# TASK REQUIREMENTS:
Only the lines below from the one containing "all_order all_algebra zify." to the one containing "Lemma count_pair_seq u" should be repeated, both included and unchanged.

# SUPPLIED MATERIAL:
Start of Block
(* Let $M,N,p\ge1$ and $(a,b)\in\mathbb Z_M^p\times\mathbb Z_N^p$ be such that the multisets $\{(a_y,b_y)\}_{y=1}^p$ and $\{(a_y,b_{y+1})\}_{y=1}^p$ are different. For $r\ge1$ let $$K_p^r(a,b)=\frac{1}{M^r}\#\{i\in\mathbb Z_M^r:\ (E_x)\text{ holds for all }x=1,\dots,r\}.$$ Then $K_p^r(a,b)\to0$ as $r\to\infty$.
   Context: Cyclic conventions: $i_{r+1}=i_1$, $b_{p+1}=b_1$. For $x\in\{1,\dots,r\}$, condition $(E_x)$ says that the multisets $\{(i_x+a_y,b_y),(i_{x+1}+a_y,b_{y+1}):y=1,\dots,p\}$ and $\{(i_x+a_y,b_{y+1}),(i_{x+1}+a_y,b_y):y=1,\dots,p\}$ of elements of $\mathbb Z_M\times\mathbb Z_N$ (counted with multiplicity) coincide. *)

From HB Require Import structures.
From mathcomp Require Import all_boot all_order all_algebra.
Set Implicit Arguments. Unset Strict Implicit. Unset Printing Implicit Defensive.
Import Order.TTheory GRing.Theory Num.Theory.

(* Z_M is represented by 'I_M (values 0..M-1), addition is mod M;
   elements of Z_M x Z_N are pairs of nats (canonical residues).
   Cyclic successor on indices 'I_p / 'I_r is ordS (y+1 mod p). *)

Definition msetL (M N p r : nat) (a : 'I_p -> 'I_M) (b : 'I_p -> 'I_N)
  (i : 'I_r -> 'I_M) (x : 'I_r) : seq (nat * nat) :=
  [seq (((i x + a y) %% M)%N, val (b y)) | y : 'I_p] ++
  [seq (((i (ordS x) + a y) %% M)%N, val (b (ordS y))) | y : 'I_p].

Definition msetR (M N p r : nat) (a : 'I_p -> 'I_M) (b : 'I_p -> 'I_N)
  (i : 'I_r -> 'I_M) (x : 'I_r) : seq (nat * nat) :=
  [seq (((i x + a y) %% M)%N, val (b (ordS y))) | y : 'I_p] ++
  [seq (((i (ordS x) + a y) %% M)%N, val (b y)) | y : 'I_p].

Definition condE (M N p r : nat) (a : 'I_p -> 'I_M) (b : 'I_p -> 'I_N)
  (i : 'I_r -> 'I_M) (x : 'I_r) : bool :=
  perm_eq (msetL a b i x) (msetR a b i x).

Definition Kpr (M N p : nat) (a : 'I_p -> 'I_M) (b : 'I_p -> 'I_N) (r : nat) : rat :=
  (#|[set i : {ffun 'I_r -> 'I_M} | [forall x : 'I_r, condE a b i x]]|%:R
   / (M ^ r)%N%:R)%R.

From HB Require Import structures.
From mathcomp Require Import all_boot all_order all_algebra zify.
Import Order.TTheory GRing.Theory Num.Theory.
Set Implicit Arguments. Unset Strict Implicit.

(* Condition (E_x) only depends on the pair (i_x, i_{x+1}). Some pair (u0, v0)
   violates it: otherwise, counting a fixed element of Z_M x Z_N on both sides
   of (E) for (u, 0) and summing over u in Z_M, the u-dependent terms add up to
   the same number on both sides, and what is left is M times the
   multiplicities in the two multisets of the hypothesis, which would then be
   equal. An admissible i thus avoids (u0, v0) on each of the floor(r/2)
   disjoint pairs of coordinates (2j, 2j+1), whence
   K_p^r(a,b) <= (1 - 1/M^2)^floor(r/2) <= (M^2 - 1) / floor(r/2). *)

Lemma count_map_ord (T : eqType) p (P : pred T) (f : 'I_p -> T) :
  count P [seq f y | y : 'I_p] = \sum_(y < p) P (f y).
Proof. by rewrite count_map -sum1_count big_mkcond -big_enum. Qed.

Lemma sum_ord_addn_mod M a c : c < M -> \sum_(u < M) ((u + a) %% M == c) = 1.
Proof.
move=> cM; have M_gt0 : 0 < M by lia.
pose shift (u : 'I_M) := Ordinal (ltn_pmod (u + a) M_gt0).
have shift_inj : injective shift.
  move=> u v /(congr1 val) /eqP /=; rewrite eqn_modDr !modn_small //.
  by move/eqP/val_inj.
rewrite -[LHS]/(\sum_(u < M) (val (shift u) == c)).
rewrite -(reindex_inj (P := xpredT) (F := fun u : 'I_M => (val u == c) : nat) shift_inj).
rewrite (bigD1 (Ordinal cM)) //= eqxx big1 // => u neq_uc.
by apply/eqP; rewrite eqb0; apply: contra neq_uc => /eqP uc; apply/eqP/val_inj.
Qed.

Section PairCondition.

Variables (M N p : nat) (a : 'I_p -> 'I_M) (b : 'I_p -> 'I_N).

Definition pair_seq (u : nat) (g : 'I_p -> 'I_N) : seq (nat * nat) :=
  [seq ((u + a y) %% M, val (g y)) | y : 'I_p].

Definition pair_cond (u v : nat) : bool :=
  perm_eq (pair_seq u b ++ pair_seq v (b \o @ordS p))
          (pair_seq u (b \o @ordS p) ++ pair_seq v b).

Lemma condE_pair r (i : 'I_r -> 'I_M) x :
  condE a b i x = pair_cond (i x) (i (ordS x)).
Proof. by []. Qed.

Lemma pair_seq0 g : pair_seq 0 g = [seq (val (a y), val (g y)) | y : 'I_p].
Proof. by apply: eq_map => y; rewrite add0n modn_small. Qed.

Lemma count_pair_seq u g c t :
  count (pred1 (c, t)) (pair_seq u g) =
  \sum_(y < p) (((u + a y) %% M == c) && (val (g y) == t)).
Proof. by rewrite count_map_ord. Qed.

Lemma sum_count_pair_seq g c t : c < M ->
  \sum_(u < M) count (pred1 (c, t)) (pair_seq u g) = \sum_(y < p) (val (g y) == t).
Proof.
move=> cM; under eq_bigr do rewrite count_pair_seq.
rewrite exchange_big; apply: eq_bigr => y _.
case: (val (g y) == t); last by rewrite big1 // => u _; rewrite andbF.
by under eq_bigr do rewrite andbT; rewrite sum_ord_addn_mod.
Qed.

Lemma perm_eq_of_pair_cond : (forall u : 'I_M, pair_cond u 0) ->
  perm_eq [seq (val (a y), val (b y)) | y : 'I_p]
          [seq (val (a y), val (b (ordS y))) | y : 'I_p].
Proof.
move=> cond; apply/allP => -[c t] mem_ct; apply/eqP.
have cM : c < M by move: mem_ct; rewrite mem_cat => /orP[] /mapP[y _ [-> _]].
rewrite -pair_seq0 -(pair_seq0 (b \o @ordS p)).
have sum_cond :
    \sum_(u < M) (count_mem (c, t) (pair_seq u b)
                   + count_mem (c, t) (pair_seq 0 (b \o @ordS p))) =
    \sum_(u < M) (count_mem (c, t) (pair_seq u (b \o @ordS p))
                   + count_mem (c, t) (pair_seq 0 b)).
  by apply: eq_bigr => u _; rewrite -!count_cat; move/permP: (cond u) => ->.
move: sum_cond; rewrite !big_split /= !sum_count_pair_seq //.
rewrite [X in X + _ = _](reindex_inj (@ordS_inj p)) !sum_nat_const !card_ord => /eqP.
by rewrite eqn_add2l eqn_pmul2l ?(leq_ltn_trans _ cM) // => /eqP.
Qed.

Lemma exists_not_pair_cond : 0 < M ->
  ~~ perm_eq [seq (val (a y), val (b y)) | y : 'I_p]
             [seq (val (a y), val (b (ordS y))) | y : 'I_p] ->
  exists u v : 'I_M, ~~ pair_cond u v.
Proof.
move=> M_gt0 not_perm.
have [u not_cond_u] : exists u : 'I_M, ~~ pair_cond u 0.
  apply/existsP; apply: contraR not_perm; rewrite negb_exists => /forallP cond.
  by apply: perm_eq_of_pair_cond => u; apply/negPn/cond.
by exists u, (Ordinal M_gt0).
Qed.

End PairCondition.

Section PairedCoordinates.

Variables (T : finType) (r : nat).

Lemma double_lt (j : 'I_(r./2)) : j.*2 < r.
Proof. by have := ltn_ord j; lia. Qed.

Lemma double_succ_lt (j : 'I_(r./2)) : j.*2.+1 < r.
Proof. by have := ltn_ord j; lia. Qed.

Lemma odd_tail_lt (j : 'I_(odd r)) : (r./2).*2 + j < r.
Proof. by have := ltn_ord j; lia. Qed.

Definition pairs_of (i : {ffun 'I_r -> T}) : {ffun 'I_(r./2) -> T * T} :=
  [ffun j => (i (Ordinal (double_lt j)), i (Ordinal (double_succ_lt j)))].

Definition odd_tail_of (i : {ffun 'I_r -> T}) : {ffun 'I_(odd r) -> T} :=
  [ffun j => i (Ordinal (odd_tail_lt j))].

Lemma pairs_tail_inj : injective (fun i => (pairs_of i, odd_tail_of i)).
Proof.
move=> i1 i2 [/ffunP eq_pairs /ffunP eq_tail]; apply/ffunP => x.
have [x_lt|x_ge] := ltnP x (r./2).*2.
  have half_lt : x./2 < r./2 by lia.
  move: (eq_pairs (Ordinal half_lt)); rewrite !ffunE => -[eq_even eq_odd].
  case: (boolP (odd x)) => odd_x.
    by have -> : x = Ordinal (double_succ_lt (Ordinal half_lt)) by apply: val_inj => /=; lia.
  by have -> : x = Ordinal (double_lt (Ordinal half_lt)) by apply: val_inj => /=; lia.
have tail_lt : x - (r./2).*2 < odd r by have := ltn_ord x; lia.
move: (eq_tail (Ordinal tail_lt)); rewrite !ffunE.
by have -> : Ordinal (odd_tail_lt (Ordinal tail_lt)) = x by apply: val_inj => /=; lia.
Qed.

Lemma card_avoid_pair (w : T * T) (S : {set {ffun 'I_r -> T}}) :
  (forall i, i \in S -> forall j, pairs_of i j != w) ->
  #|S| <= (#|T| * #|T|).-1 ^ r./2 * #|T| ^ odd r.
Proof.
move=> avoid_w; rewrite -(card_imset _ pairs_tail_inj).
pose A := [set f : {ffun 'I_(r./2) -> T * T} | f \in ffun_on (predC1 w)].
have sub : [set (pairs_of i, odd_tail_of i) | i in S] \subset setX A setT.
  apply/subsetP => _ /imsetP [i iS ->].
  by rewrite !inE andbT; apply/forallP => j; rewrite inE; apply: avoid_w.
apply: leq_trans (subset_leq_card sub) _.
by rewrite cardsX cardsT card_ffun card_ord cardsE card_ffun_on card_ord cardC1 card_prod.
Qed.

End PairedCoordinates.

Lemma expn_mul_le B k : B ^ k * k <= B * B.+1 ^ k.
Proof.
elim: k => [|k IH]; first by rewrite muln0.
have pow_le : B ^ k <= B.+1 ^ k by case: k IH => // k _; rewrite leq_exp2r.
rewrite !expnS; nia.
Qed.

Section Decay.

Variables (M N p : nat) (a : 'I_p -> 'I_M) (b : 'I_p -> 'I_N).
Variables (u0 v0 : 'I_M).
Hypothesis not_cond : ~~ pair_cond a b u0 v0.

Let M_gt0 : 0 < M := leq_ltn_trans (leq0n u0) (ltn_ord u0).

Lemma card_condE_mul_half_le r :
  #|[set i : {ffun 'I_r -> 'I_M} | [forall x, condE a b i x]]| * r./2
  <= (M * M).-1 * M ^ r.
Proof.
set S := [set i | _].
have card_S : #|S| <= (M * M).-1 ^ r./2 * M ^ odd r.
  have := @card_avoid_pair _ _ (u0, v0) S; rewrite card_ord; apply => i.
  rewrite inE => /forallP cond_i j; rewrite ffunE; apply: contra not_cond => /eqP[<- <-].
  have -> : Ordinal (double_succ_lt j) = ordS (Ordinal (double_lt j)).
    by apply: val_inj; rewrite /= modn_small ?double_succ_lt.
  by rewrite -condE_pair cond_i.
have -> : M ^ r = (M * M).-1.+1 ^ r./2 * M ^ odd r.
  by rewrite prednK ?muln_gt0 ?M_gt0 // mulnn -expnM -expnD; congr (_ ^ _); lia.
apply: leq_trans (leq_mul card_S (leqnn _)) _.
by rewrite mulnAC mulnA leq_mul2r expn_mul_le orbT.
Qed.

Lemma Kpr_mul_half_le r : (Kpr a b r * (r./2)%:R <= ((M * M).-1)%:R)%R.
Proof.
rewrite /Kpr mulrAC ler_pdivrMr ?ltr0n ?expn_gt0 ?M_gt0 //.
by rewrite -!natrM ler_nat card_condE_mul_half_le.
Qed.

End Decay.

Theorem proposition5p3 (M N p : nat) (a : 'I_p -> 'I_M) (b : 'I_p -> 'I_N) :
  (0 < M)%N -> (0 < N)%N -> (0 < p)%N ->
  ~~ perm_eq [seq (val (a y), val (b y)) | y : 'I_p]
             [seq (val (a y), val (b (ordS y))) | y : 'I_p] ->
  forall eps : rat, (0 < eps)%R ->
    exists R : nat, forall r : nat, (R <= r)%N -> (Kpr a b r < eps)%R.
Proof.
move=> M_gt0 _ _ not_perm eps eps_gt0.
have [u0 [v0 not_cond]] := exists_not_pair_cond M_gt0 not_perm.
set B := (M * M).-1.
have B_div_ge0 : (0 <= B%:R / eps)%R by rewrite divr_ge0 // ltW.
have K_gt := archi_boundP B_div_ge0; set K := Num.Def.archi_bound _ in K_gt.
exists K.*2 => r le_r.
have half_gt : (B%:R / eps < (r./2)%:R)%R.
  by apply: lt_le_trans K_gt _; rewrite ler_nat; lia.
have half_gt0 : (0 < (r./2)%:R :> rat)%R by apply: le_lt_trans half_gt.
rewrite -(ltr_pM2r half_gt0); apply: le_lt_trans (Kpr_mul_half_le not_cond r) _.
by rewrite -ltr_pdivrMl // mulrC.
Qed.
End of Block
# EXERCISE SOLUTION:
From mathcomp Require Import all_boot all_order all_algebra zify.
Import Order.TTheory GRing.Theory Num.Theory.
Set Implicit Arguments. Unset Strict Implicit.

(* Condition (E_x) only depends on the pair (i_x, i_{x+1}). Some pair (u0, v0)
   violates it: otherwise, counting a fixed element of Z_M x Z_N on both sides
   of (E) for (u, 0) and summing over u in Z_M, the u-dependent terms add up to
   the same number on both sides, and what is left is M times the
   multiplicities in the two multisets of the hypothesis, which would then be
   equal. An admissible i thus avoids (u0, v0) on each of the floor(r/2)
   disjoint pairs of coordinates (2j, 2j+1), whence
   K_p^r(a,b) <= (1 - 1/M^2)^floor(r/2) <= (M^2 - 1) / floor(r/2). *)

Lemma count_map_ord (T : eqType) p (P : pred T) (f : 'I_p -> T) :
  count P [seq f y | y : 'I_p] = \sum_(y < p) P (f y).
Proof. by rewrite count_map -sum1_count big_mkcond -big_enum. Qed.

Lemma sum_ord_addn_mod M a c : c < M -> \sum_(u < M) ((u + a) %% M == c) = 1.
Proof.
move=> cM; have M_gt0 : 0 < M by lia.
pose shift (u : 'I_M) := Ordinal (ltn_pmod (u + a) M_gt0).
have shift_inj : injective shift.
  move=> u v /(congr1 val) /eqP /=; rewrite eqn_modDr !modn_small //.
  by move/eqP/val_inj.
rewrite -[LHS]/(\sum_(u < M) (val (shift u) == c)).
rewrite -(reindex_inj (P := xpredT) (F := fun u : 'I_M => (val u == c) : nat) shift_inj).
rewrite (bigD1 (Ordinal cM)) //= eqxx big1 // => u neq_uc.
by apply/eqP; rewrite eqb0; apply: contra neq_uc => /eqP uc; apply/eqP/val_inj.
Qed.

Section PairCondition.

Variables (M N p : nat) (a : 'I_p -> 'I_M) (b : 'I_p -> 'I_N).

Definition pair_seq (u : nat) (g : 'I_p -> 'I_N) : seq (nat * nat) :=
  [seq ((u + a y) %% M, val (g y)) | y : 'I_p].

Definition pair_cond (u v : nat) : bool :=
  perm_eq (pair_seq u b ++ pair_seq v (b \o @ordS p))
          (pair_seq u (b \o @ordS p) ++ pair_seq v b).

Lemma condE_pair r (i : 'I_r -> 'I_M) x :
  condE a b i x = pair_cond (i x) (i (ordS x)).
Proof. by []. Qed.

Lemma pair_seq0 g : pair_seq 0 g = [seq (val (a y), val (g y)) | y : 'I_p].
Proof. by apply: eq_map => y; rewrite add0n modn_small. Qed.

Lemma count_pair_seq u g c t :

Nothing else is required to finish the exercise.